In diesem Zusammenhang stellt die OECD drei mögliche Lösungsansätze alternativ zur Diskussion, die zu wesentlichen Änderungen der derzeitigen Gewinnzurechnungsregeln und sogar des Fremdvergleichsprinzips in seiner bisherigen Form führen würden:
- Modell der Nutzerbeteiligung (User participation model),
- Modell der immateriellen Werte im Vertriebsbereich (Marketing intangibles model),
- Modell der signifikanten wirtschaftlichen Präsenz (Significant economic presence)

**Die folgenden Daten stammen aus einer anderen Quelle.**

(* Let $n \ge 1$ be an integer and let $s(n,3)$ be the maximum cardinality of a Sidon-type set of strength 3 in $\mathbb{Z}_n$. Then: (i) $s(n,3) \ge \lfloor n/4 \rfloor$ if $n$ is even; (ii) $s(n,3) \ge \lfloor (n+1)/6 \rfloor$ if $n$ is odd and has no divisors congruent to $5 \bmod 6$; (iii) $s(n,3) \ge \frac{(p+1)n}{6p}$ if $n$ is odd and $p$ is its smallest divisor which is congruent to $5 \bmod 6$.
   Context: A subset $S \subseteq \mathbb{Z}_n$ (viewed as a set of integers in $[1,n]$) is a Sidon-type set of strength $t$ if no non-trivial sum $\varepsilon_1 x_1 + \cdots + \varepsilon_t x_t$, with $\varepsilon_i \in \{0,\pm1\}$ and $x_1,\dots,x_t \in S$ not necessarily distinct, is congruent to $0 \bmod n$. Such a sum is called non-trivial if at least one $\varepsilon_i$ is nonzero and no element of $S$ appears in it both with coefficient $+1$ and with coefficient $-1$. $s(n,t)$ denotes the maximum cardinality of a Sidon-type set of strength $t$ in $\mathbb{Z}_n$. *)

From HB Require Import structures.
From mathcomp Require Import all_boot all_order all_algebra.
Set Implicit Arguments. Unset Strict Implicit. Unset Printing Implicit Defensive.
Import Order.TTheory GRing.Theory Num.Theory.

(* Coefficient encoding: k : 'I_3 stands for eps k = k - 1 in {-1, 0, 1}. *)
Definition eps (k : 'I_3) : int := (k%:Z - 1)%R.

(* Residues of Z_n are represented by 'I_n (values 0..n-1); a residue x
   corresponds to the integer representative in [1,n] congruent to x mod n,
   so congruence mod n is unaffected. *)

Definition nontrivial_sum (n t : nat) (x : {ffun 'I_t -> 'I_n})
    (e : {ffun 'I_t -> 'I_3}) : bool :=
  [exists i, eps (e i) != 0%R] &&
  [forall i, forall j, (x i == x j) ==> ~~ ((eps (e i) == 1%R) && (eps (e j) == (-1)%R))].

Definition sidon_type (n t : nat) (S : {set 'I_n}) : bool :=
  [forall x : {ffun 'I_t -> 'I_n}, forall e : {ffun 'I_t -> 'I_3},
     ([forall i, x i \in S] && nontrivial_sum x e) ==>
     ~~ (n%:Z %| (\sum_(i < t) (eps (e i) * (x i)%:Z))%R)%Z].

Definition s (n t : nat) : nat :=
  \max_(S : {set 'I_n} | sidon_type t S) #|S|.

From HB Require Import structures.
From mathcomp Require Import all_boot all_order all_algebra.
From mathcomp Require Import zify ring.
Import Order.TTheory GRing.Theory Num.Theory.

(* For strength 3 it suffices that every signed sum +-x +-y +-z of elements
   that vanishes mod n has as many plus as minus signs: such a balanced sum is
   x - y with |x - y| < n, so it vanishes only if one element is both added
   and subtracted.  Balance follows from size and parity: residues in
   (p/3, p/2) have signed sums in (-3p/2, 3p/2) that hit 0 or +-p only when
   balanced, and for even n the unbalanced signed sums of odd numbers below
   n/2 are odd or strictly between 0 and n in absolute value.  Balance modulo a
   divisor p of n passes to Z_n, so the preimage of the at least (p+1)/6
   residues in (p/3, p/2) has (n/p)(p+1)/6 elements. *)

Set Implicit Arguments.
Unset Strict Implicit.
Unset Printing Implicit Defensive.

Local Open Scope ring_scope.

Definition signs : seq int := [:: -1; 0; 1].

Lemma eps_sign (k : 'I_3) : eps k \in signs.
Proof. by case: k => [[|[|[|]]]]. Qed.

Lemma dvdz_small_multiple (n s : int) : 0 < n -> (n %| s)%Z ->
  - (2 * n) < s < 2 * n -> s = 0 \/ s = n \/ s = - n.
Proof.
move=> n_gt0 /dvdzP[q ->] /andP[lo hi].
have : -2 < q < 2 by rewrite -(ltr_pM2r n_gt0) -(ltr_pM2r n_gt0 q) mulNr lo hi.
clear lo hi; case: q => [[|[|q]]|[|q]] //= _.
- by left; rewrite mul0r.
- by right; left; rewrite mul1r.
- by right; right; rewrite mulN1r.
Qed.

Lemma opposite_signsE (e f : int) : e \in signs -> f \in signs ->
  (e * f == -1) = (e == 1) && (f == -1) || (e == -1) && (f == 1).
Proof. by rewrite !inE => /or3P[]/eqP-> /or3P[]/eqP->. Qed.

Lemma sidon_type3_of_triples n (S : {set 'I_n}) :
  (forall (a b c : 'I_n) (e0 e1 e2 : int), a \in S -> b \in S -> c \in S ->
     e0 \in signs -> e1 \in signs -> e2 \in signs -> [|| e0 != 0, e1 != 0 | e2 != 0] ->
     (a = b :> nat -> e0 * e1 <> -1) -> (a = c :> nat -> e0 * e2 <> -1) ->
     (b = c :> nat -> e1 * e2 <> -1) ->
     ~ (n%:Z %| e0 * a%:Z + e1 * b%:Z + e2 * c%:Z)%Z) ->
  sidon_type 3 S.
Proof.
move=> sumS; apply/forallP=> x; apply/forallP=> e; apply/implyP.
case/andP=> /forallP xS /andP[e_nz /forallP apart].
have apartP i j : x i = x j :> nat -> eps (e i) * eps (e j) <> -1.
  move=> /val_inj x_ij /eqP; rewrite opposite_signsE ?eps_sign //.
  have /forallP/(_ j) := apart i; have /forallP/(_ i) := apart j.
  by rewrite x_ij eqxx /= => /negbTE ji /negbTE ij; rewrite ij andbC ji.
rewrite !big_ord_recl big_ord0 addr0 addrA; apply/negP.
apply: sumS; rewrite ?eps_sign //; try exact: apartP.
by move: e_nz; rewrite -(big_orE xpredT) !big_ord_recl big_ord0 orbF.
Qed.

Definition balanced_zero_sums (n : nat) (A : pred nat) :=
  forall a b c (e0 e1 e2 : int), A a -> A b -> A c ->
  e0 \in signs -> e1 \in signs -> e2 \in signs ->
  (n%:Z %| e0 * a%:Z + e1 * b%:Z + e2 * c%:Z)%Z -> e0 + e1 + e2 = 0.

Lemma sidon_type3_of_balanced n (A : pred nat) :
  balanced_zero_sums n A -> sidon_type 3 [set x : 'I_n | A x].
Proof.
move=> balA; apply: sidon_type3_of_triples => a b c e0 e1 e2.
rewrite !in_set => Aa Ab Ac s0 s1 s2 e_nz ab ac bc n_dvd.
have e_sum0 := balA _ _ _ _ _ _ Aa Ab Ac s0 s1 s2 n_dvd.
have n_gt0 : 0 < n%:Z by have := ltn_ord a; lia.
have := dvdz_small_multiple n_gt0 n_dvd.
have := ltn_ord a; have := ltn_ord b; have := ltn_ord c.
move: s0 s1 s2 e_nz e_sum0 ab ac bc => /[!inE] /or3P[]/eqP-> /or3P[]/eqP-> /or3P[]/eqP-> //; lia.
Qed.

Lemma balanced_zero_sums_lift d n (A : pred nat) : (d %| n)%N ->
  balanced_zero_sums d A -> balanced_zero_sums n (fun x => A (x %% d)%N).
Proof.
move=> d_dvd_n balA a b c e0 e1 e2 Aa Ab Ac s0 s1 s2 n_dvd.
apply: balA Aa Ab Ac s0 s1 s2 _.
have d_dvd : (d%:Z %| e0 * a%:Z + e1 * b%:Z + e2 * c%:Z)%Z.
  by apply: dvdz_trans n_dvd; rewrite dvdzE.
have -> : e0 * (a %% d)%N%:Z + e1 * (b %% d)%N%:Z + e2 * (c %% d)%N%:Z =
    e0 * a%:Z + e1 * b%:Z + e2 * c%:Z -
    (e0 * (a %/ d)%N%:Z + e1 * (b %/ d)%N%:Z + e2 * (c %/ d)%N%:Z) * d%:Z.
  by rewrite {2}(divn_eq a d) {2}(divn_eq b d) {2}(divn_eq c d) !PoszD !PoszM; ring.
by rewrite rpredB // dvdz_mull.
Qed.

Definition third_to_half (p r : nat) : bool := (p < 3 * r)%N && (2 * r < p)%N.

Lemma balanced_third_to_half p : balanced_zero_sums p (third_to_half p).
Proof.
move=> a b c e0 e1 e2 /andP[a_lo a_hi] /andP[b_lo b_hi] /andP[c_lo c_hi] s0 s1 s2 p_dvd.
have p_gt0 : 0 < p%:Z by lia.
have := dvdz_small_multiple p_gt0 p_dvd.
by move: s0 s1 s2 => /[!inE] /or3P[]/eqP-> /or3P[]/eqP-> /or3P[]/eqP->; lia.
Qed.

Lemma balanced_odd_below_half n : ~~ odd n ->
  balanced_zero_sums n (fun x => odd x && (2 * x < n)%N).
Proof.
move=> n_even a b c e0 e1 e2 /andP[a_odd a_lt] /andP[b_odd b_lt] /andP[c_odd c_lt].
move=> s0 s1 s2 n_dvd.
have n_gt0 : 0 < n%:Z by lia.
have := dvdz_small_multiple n_gt0 n_dvd.
by move: s0 s1 s2 => /[!inE] /or3P[]/eqP-> /or3P[]/eqP-> /or3P[]/eqP->; lia.
Qed.

Local Close Scope ring_scope.

Lemma card_set_ord n (A : pred nat) : #|[set x : 'I_n | A x]| = count A (iota 0 n).
Proof.
rewrite cardsE cardE /enum_mem -enumT size_filter -val_enum_ord count_map.
exact: eq_count.
Qed.

Lemma count_modn_iota p m (A : pred nat) :
  count (fun x => A (x %% p)) (iota 0 (m * p)) = m * count A (iota 0 p).
Proof.
elim: m => [|m IHm] //; rewrite !mulSnr iotaD count_cat IHm add0n.
rewrite -[in iota (m * p) p](addn0 (m * p)) iotaDl count_map.
congr (_ + _); apply: eq_in_count => x; rewrite mem_iota /= => x_lt_p.
by rewrite modnMDl modn_small.
Qed.

Lemma count_iota_inj n k (A : pred nat) (f : nat -> nat) :
  {in gtn k &, injective f} -> (forall i, i < k -> (f i < n) && A (f i)) ->
  k <= count A (iota 0 n).
Proof.
move=> f_inj f_in; rewrite -size_filter -[k](size_iota 0) -(size_map f).
apply: uniq_leq_size => [|y /mapP[i]].
  by rewrite map_inj_in_uniq ?iota_uniq // => i j; rewrite !mem_iota; exact: f_inj.
by rewrite mem_iota => /f_in/andP[fi_lt Afi] ->; rewrite mem_filter Afi mem_iota.
Qed.

Lemma count_odd_below_half n : n %/ 4 <= count (fun x => odd x && (2 * x < n)) (iota 0 n).
Proof.
by apply: (@count_iota_inj _ _ _ (fun i => 2 * i + 1)) => [i j _ _ /= | i i_lt]; lia.
Qed.

Lemma count_third_to_half p : odd p -> (p + 1) %/ 6 <= count (third_to_half p) (iota 0 p).
Proof.
move=> p_odd; rewrite /third_to_half.
by apply: (@count_iota_inj _ _ _ (fun i => p %/ 3 + 1 + i)) => [i j _ _ /= | i i_lt]; lia.
Qed.

Lemma sidon_type_card_le n t (S : {set 'I_n}) : sidon_type t S -> #|S| <= s n t.
Proof. exact: (leq_bigmax_cond (F := fun S : {set 'I_n} => #|S|)). Qed.

Lemma even_lower_bound n : ~~ odd n -> n %/ 4 <= s n 3.
Proof.
move=> n_even; apply: leq_trans (count_odd_below_half n) _.
rewrite -card_set_ord.
exact: sidon_type_card_le (sidon_type3_of_balanced (balanced_odd_below_half n_even)).
Qed.

Lemma divisor_lower_bound n p : p %| n -> odd p -> n %/ p * ((p + 1) %/ 6) <= s n 3.
Proof.
move=> p_dvd_n p_odd.
have S_sidon := sidon_type3_of_balanced
  (balanced_zero_sums_lift p_dvd_n (@balanced_third_to_half p)).
apply: leq_trans (sidon_type_card_le S_sidon).
rewrite (card_set_ord _ (fun x => third_to_half p (x %% p))) -{2}(divnK p_dvd_n).
by rewrite count_modn_iota leq_mul2l count_third_to_half ?orbT.
Qed.

Theorem theorem4p1 (n : nat) (hn : 1 <= n) :
  [/\ (~~ odd n -> n %/ 4 <= s n 3),
      (odd n -> (forall d, d %| n -> d %% 6 != 5) -> (n + 1) %/ 6 <= s n 3)
    & (forall p : nat, odd n -> p %| n -> p %% 6 = 5 ->
         (forall d, d %| n -> d %% 6 = 5 -> p <= d) ->
         (((p + 1) * n)%:R / (6 * p)%:R <= (s n 3)%:R :> rat)%R)].
Proof.
split=> [|n_odd _|p n_odd p_dvd_n p_mod6 _]; first exact: even_lower_bound.
  by have := divisor_lower_bound (dvdnn n) n_odd; rewrite divnn hn mul1n.
have -> : (p + 1) * n = n %/ p * ((p + 1) %/ 6) * (6 * p).
  have p1_6 : p + 1 = (p + 1) %/ 6 * 6 by lia.
  by rewrite {1}p1_6 -{1}(divnK p_dvd_n); ring.
rewrite natrM mulfK ?ler_nat; last by rewrite pnatr_eq0; lia.
exact/divisor_lower_bound/(dvdn_odd p_dvd_n).
Qed.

Das Modell der Nutzerbeteiligung zielt auf hoch digitalisierte Geschäftsmodelle ab, die wesentlichen Nutzen aus den aktiven Beiträgen ihrer Nutzer („user input“) ziehen, beispielsweise über Kenntlichmachung, dass eine bestimmte Firmenwebsite geliked wird. Dieses Modell würde sich auf bestimmte Arten von digitaler Unternehmen beschränken, darunter etwa Social Media Plattformen, Suchmaschinen und Onlinemarktplätze. Staaten mit Nutzerbeteiligung würde (nach Zurechnung von Routinegewinnen an Konzerngesellschaften auf Basis herkömmlicher Verrechnungspreisansätze) ein Gewinn (ggf. unter Anwendung von Allokationsschlüsseln) auf Basis einer sogenannten Restgewinnteilung zugerechnet werden.
Das Modell der immateriellen Werte im Vertriebsbereich fingiert die Existenz von sogenannten „Marketing Intangibles“. Es handelt sich dabei um immaterielle Vermögenswerte in Zusammenhang mit Marketingmaßnahmen (z.B. Kundendaten, Marken etc.) auf ausländischen Märkten, selbst wenn keinerlei physische Präsenz vorliegt. Gewinne sollen den Staaten zugewiesen werden, in denen sich die jeweiligen Marketing Intangibles befinden. Es würde keine grundsätzliche Einschränkung auf bestimmte Unternehmenstypen erfolgen, jedoch sei das Modell eher sachgerecht in Fällen, in denen Daten von Konsumenten grundsätzlich online generierbar, analysierbar und verwertbar sind bzw. eine Interaktion mit dem Kunden aus der Ferne erfolgt (z.B. durch Online-Retailer oder wenn etwa eine Interaktion mit möglichen Konsumenten über Social Media Plattformen stattfindet.). Ähnlich zum Modell der Nutzerbeteiligung könnte die Residualgewinnmethode Anwendung finden.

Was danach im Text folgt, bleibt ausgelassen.